# ABOUT THIS EXERCISE:
Pick the lines holding the string "zero" out of the records and copy them.

# INFORMATION SUPPLIED:
=====
(* In the commutative toric non-degenerate setting described in the context, the automorphism group of $\bar\Gamma$ lifts via the gauging action to automorphisms of the torus: for every automorphism $\phi$ of $\bar\Gamma$ there is a unique $*$-automorphism $\psi_\phi$ of $C(T^n)$ with $\psi_\phi(wt(f))=wt'_\phi(\phi(f))$ for all oriented edges $f$; it is of the form $\psi_\phi(F)=F\circ h_\phi$ for a homeomorphism $h_\phi$ of $T^n$, and $\phi\mapsto\psi_\phi$ is a group homomorphism from $\mathrm{Aut}(\bar\Gamma)$ to the group of $*$-automorphisms of $C(T^n)$. Moreover, if $t\in T^n$ satisfies $h_\phi(t)=t$, then the re-gauging is an enhanced symmetry of the corresponding Hamiltonian: the matrix $M_\phi(t)$ commutes with $H_{\boldsymbol\tau}(t)$.
   Context: $\bar\Gamma$ is a finite connected graph (multiple edges and loops allowed) with $k$ vertices and $n=|E(\bar\Gamma)|-k+1$ independent cycles; $\bar f$ is the reverse of an oriented edge $f$. An automorphism of $\bar\Gamma$ is a pair of bijections of vertices and edges preserving incidence; it acts on oriented edges. Fix an ordered rooted spanning tree $\boldsymbol\tau=(\tau,r,<)$: a spanning tree $\tau$, root $r$, and vertex order $u_1<\dots<u_k$ with $u_1=r$. For a spanning tree $\sigma$ and vertices $x,y$, $\sigma[x\to y]$ is the unique non-backtracking path in $\sigma$ from $x$ to $y$. Let $T^n=(S^1)^n$ with coordinate functions $z_1,\dots,z_n\in C(T^n)$. Choose an orientation $e_1,\dots,e_n$ of the edges not in $\tau$ and define $wt$ on oriented edges by $wt(f)=1$ if $f$ lies in $\tau$, $wt(e_j)=z_j$, $wt(\bar e_j)=\bar z_j$. For a walk $\gamma$ through $f_1,\dots,f_m$, $wt(\gamma)=\prod_j wt(f_j)$. The matrix Hamiltonian $H_{\boldsymbol\tau}\in M_k(C(T^n))$ has entries $(H_{\boldsymbol\tau})_{ij}=\sum_{f\text{ from }u_j\text{ to }u_i}wt(f)$; $H_{\boldsymbol\tau}(t)\in M_k(\mathbb C)$ is its evaluation at $t\in T^n$. For an automorphism $\phi$ let $\tau'=\phi(\tau)$ with root $r'=\phi(r)$ and pushed-forward order $u'_i=\phi(u_i)$. The re-gauged weight is $wt'_\phi(f):=wt(\tau'[r'\to x],\,f,\,\tau'[y\to r'])$ for $f$ from $x$ to $y$. The re-gauging matrix $M_\phi\in M_k(C(T^n))$ is defined by $M_\phi e_i=\overline{c_i}\,e_{s(i)}$, where $s(i)$ is the index with $\phi(u_{s(i)})=u_i$ and $c_i=wt(\tau[r\to r'],\,\tau'[r'\to u_i],\,\tau[u_i\to r])$; $M_\phi(t)$ is its evaluation at $t$. *)

(* Graphs are given in the "dart" model: a finite type V of
   vertices, a finite type D of oriented edges (darts), a source map
   src : D -> V and an orientation-reversal rev : D -> D (fixed-point free
   involution); the unoriented edges are the pairs {d, rev d}.  Loops and
   multiple edges are allowed. *)
From HB Require Import structures.
From mathcomp Require Import all_boot all_order all_algebra.
From mathcomp Require Import complex reals.
From Stdlib Require Import ClassicalEpsilon.
Set Implicit Arguments.
Unset Strict Implicit.
Unset Printing Implicit Defensive.
Import Order.TTheory GRing.Theory Num.Theory.
Local Open Scope ring_scope.

Section Graph.
Variables (V D : finType) (src : D -> V) (rev : D -> D).

Definition tgt (d : D) : V := src (rev d).

Definition is_graph : Prop := involutive rev /\ forall d, rev d != d.

Fixpoint is_walk (x y : V) (p : seq D) : bool :=
  match p with
  | [::] => x == y
  | d :: p' => (src d == x) && is_walk (tgt d) y p'
  end.

Fixpoint nonbacktracking (p : seq D) : bool :=
  match p with
  | d1 :: ((d2 :: _) as p') => (d2 != rev d1) && nonbacktracking p'
  | _ => true
  end.

Definition connected_in (S : {set D}) : Prop :=
  forall x y : V, exists p : seq D, is_walk x y p && all (mem S) p.

Definition graph_connected : Prop := connected_in [set: D].

(* spanning tree: a set of (unoriented) edges, i.e. a rev-closed dart set,
   whose subgraph is connected, spanning, and acyclic (no cycle = no nonempty
   closed non-backtracking walk, which also excludes loops and multi-edges) *)
Definition spanning_tree (tau : {set D}) : Prop :=
  [/\ forall d, (rev d \in tau) = (d \in tau),
      connected_in tau &
      forall (x : V) (p : seq D), p != [::] -> all (mem tau) p ->
        is_walk x x p -> ~~ nonbacktracking p].

Definition tree_path (sigma : {set D}) (x y : V) : seq D :=
  epsilon (inhabits [::])
    (fun p => is_walk x y p && all (mem sigma) p && nonbacktracking p).

Definition is_aut (fV : V -> V) (fD : D -> D) : Prop :=
  [/\ bijective fV, bijective fD,
      forall d, src (fD d) = fV (src d) &
      forall d, fD (rev d) = rev (fD d)].

Variable R : realType.
Local Notation C := R[i].

Definition orientation (tau : {set D}) (n : nat) (e : 'I_n -> D) : Prop :=
  [/\ injective e,
      forall j, e j \notin tau,
      forall j l, e j != rev (e l) &
      forall d, d \notin tau -> exists j, d = e j \/ d = rev (e j)].

Variables (tau : {set D}) (n : nat) (e : 'I_n -> D).

Definition wt (d : D) (t : {ffun 'I_n -> C}) : C :=
  if d \in tau then 1 else
  match [pick j | e j == d] with
  | Some j => t j
  | None => match [pick j | rev (e j) == d] with
            | Some j => (t j)^*
            | None => 1
            end
  end.

Definition wt_walk (p : seq D) (t : {ffun 'I_n -> C}) : C :=
  \prod_(d <- p) wt d t.

Definition wt' (r : V) (fV : V -> V) (fD : D -> D) (f : D)
    (t : {ffun 'I_n -> C}) : C :=
  wt_walk (tree_path (fD @: tau) (fV r) (src f) ++ f
             :: tree_path (fD @: tau) (tgt f) (fV r)) t.

Variables (u : 'I_#|V| -> V).

Definition Ham (t : {ffun 'I_n -> C}) : 'M[C]_#|V| :=
  \matrix_(i, j) \sum_(d | (src d == u j) && (tgt d == u i)) wt d t.

Definition regauge_c (r : V) (fV : V -> V) (fD : D -> D) (i : 'I_#|V|)
    (t : {ffun 'I_n -> C}) : C :=
  wt_walk (tree_path tau r (fV r) ++ tree_path (fD @: tau) (fV r) (u i)
             ++ tree_path tau (u i) r) t.

Definition Mphi (r : V) (fV : V -> V) (fD : D -> D) (t : {ffun 'I_n -> C})
    : 'M[C]_#|V| :=
  \matrix_(a, b) if fV (u a) == u b then (regauge_c r fV fD b t)^* else 0.

End Graph.

Section Torus.
Variables (R : realType) (n : nat).
Local Notation C := R[i].

Definition torus := {t : {ffun 'I_n -> C} | [forall j, `|t j| == 1]}.

Definition cont (F : torus -> C) : Prop :=
  forall (t : torus) (eps : R), 0 < eps ->
  exists2 delta : R, 0 < delta &
    forall s : torus, (forall j, `|val s j - val t j| < real_complex R delta) ->
      `|F s - F t| < real_complex R eps.

Definition CT := {F : torus -> C | cont F}.

Definition homeomorphism (h : torus -> torus) : Prop :=
  exists g : torus -> torus,
    [/\ cancel h g, cancel g h,
        forall j, cont (fun t => val (h t) j) &
        forall j, cont (fun t => val (g t) j)].

(* *-automorphism of C(T^n): bijective, unital, C-linear, multiplicative,
   and *-preserving (operations expressed pointwise on representatives) *)
Definition star_aut (psi : CT -> CT) : Prop :=
  bijective psi /\
  (forall F : CT, (forall t, sval F t = 1) -> forall t, sval (psi F) t = 1) /\
  [/\
      forall F G H : CT, (forall t, sval H t = sval F t + sval G t) ->
        forall t, sval (psi H) t = sval (psi F) t + sval (psi G) t,
      forall (a : C) (F G : CT), (forall t, sval G t = a * sval F t) ->
        forall t, sval (psi G) t = a * sval (psi F) t,
      forall F G H : CT, (forall t, sval H t = sval F t * sval G t) ->
        forall t, sval (psi H) t = sval (psi F) t * sval (psi G) t &
      forall F G : CT, (forall t, sval G t = (sval F t)^*) ->
        forall t, sval (psi G) t = (sval (psi F) t)^*].

End Torus.

From Pilot Require Import Defs.
From HB Require Import structures.
From mathcomp Require Import all_boot all_order all_algebra.
From mathcomp Require Import complex reals.
From mathcomp Require Import ring lra.
From Stdlib Require Import FunctionalExtensionality ProofIrrelevance Classical.
Import Order.TTheory GRing.Theory Num.Theory ComplexField.Normc.
Local Open Scope ring_scope.
Set Implicit Arguments.
Unset Strict Implicit.
Unset Printing Implicit Defensive.

(* Relative to the spanning tree, the edge weights form a flat gauge field
   on the torus: every closed walk inside a spanning tree has weight 1, so the
   weight of a tree path depends only on its endpoints.  Hence the re-gauged
   weights wt'_phi are multiplicative along walks, and the point
   h_phi(t) := (wt'_phi(phi e_j)(t))_j of T^n satisfies
   wt(f)(h_phi t) = wt'_phi(phi f)(t) for every dart f; psi_phi(F) := F o h_phi.
   Gauge factors telescope, so h_(phi o gamma) = h_gamma o h_phi and h_id = id,
   making h_phi a homeomorphism (its coordinates are Lipschitz) and
   phi |-> psi_phi a homomorphism.  A *-automorphism chi is determined by the
   images of the coordinates z_j: if chi(z_j) = z_j o h, then chi(F) = F o h,
   since otherwise an everywhere non-zero, hence invertible, function would
   be mapped to one with a zero.  At a fixed point of h_phi, relabelling the
   darts by phi turns H(t) M_phi(t) into M_phi(t) H(t). *)

Section ComplexModulus.
Variable R : rcfType.
Local Notation C := R[i].
Implicit Types x y : C.

Lemma norm_normc x : `|x| = real_complex R (normc x).
Proof. by []. Qed.

Lemma ltc_normc x d : (`|x| < real_complex R d) = (normc x < d).
Proof. by rewrite norm_normc ltcR. Qed.

Lemma normc_ge0 x : 0 <= normc x.
Proof. by have := normr_ge0 x; rewrite norm_normc -(rmorph0 (real_complex R)) lecR. Qed.

Lemma normc_gt0 x : x != 0 -> 0 < normc x.
Proof.
move=> x0; rewrite lt_def normc_ge0 andbT.
by apply: contra x0 => /eqP/eq0_normc ->.
Qed.

Lemma ler_normcD x y : normc (x + y) <= normc x + normc y.
Proof. by have := ler_normD x y; rewrite !norm_normc -rmorphD lecR. Qed.

Lemma normc_conj x : normc x^* = normc x.
Proof. by apply: complexI; rewrite -!norm_normc norm_conjC. Qed.

Lemma normc_distC x y : normc (x - y) = normc (y - x).
Proof. by apply: complexI; rewrite -!norm_normc distrC. Qed.

Lemma normc_eq1 x : `|x| = 1 -> normc x = 1.
Proof. by rewrite norm_normc -(rmorph1 (real_complex R)) => /complexI. Qed.

End ComplexModulus.

(* The predicate [cont], for points of any type with coordinates [pt], and
   with the real-valued modulus so that the estimates go through [lra]. *)
Section CoordContinuity.
Variables (R : rcfType) (n : nat) (T : Type) (pt : T -> 'I_n -> R[i]).
Local Notation C := R[i].

Definition coord_cont (F : T -> C) := forall (t : T) (eps : R), 0 < eps ->
  exists2 delta : R, 0 < delta &
    forall s : T, (forall j, normc (pt s j - pt t j) < delta) ->
      normc (F s - F t) < eps.

Lemma coord_cont_cst a : coord_cont (fun _ => a).
Proof. by move=> t eps eps_gt0; exists 1 => // s _; rewrite subrr normc0. Qed.

Lemma coord_cont_coord j : coord_cont (fun s => pt s j).
Proof. by move=> t eps eps_gt0; exists eps. Qed.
=====
# TASK ANSWER:
   since otherwise an everywhere non-zero, hence invertible, function would
   be mapped to one with a zero.  At a fixed point of h_phi, relabelling the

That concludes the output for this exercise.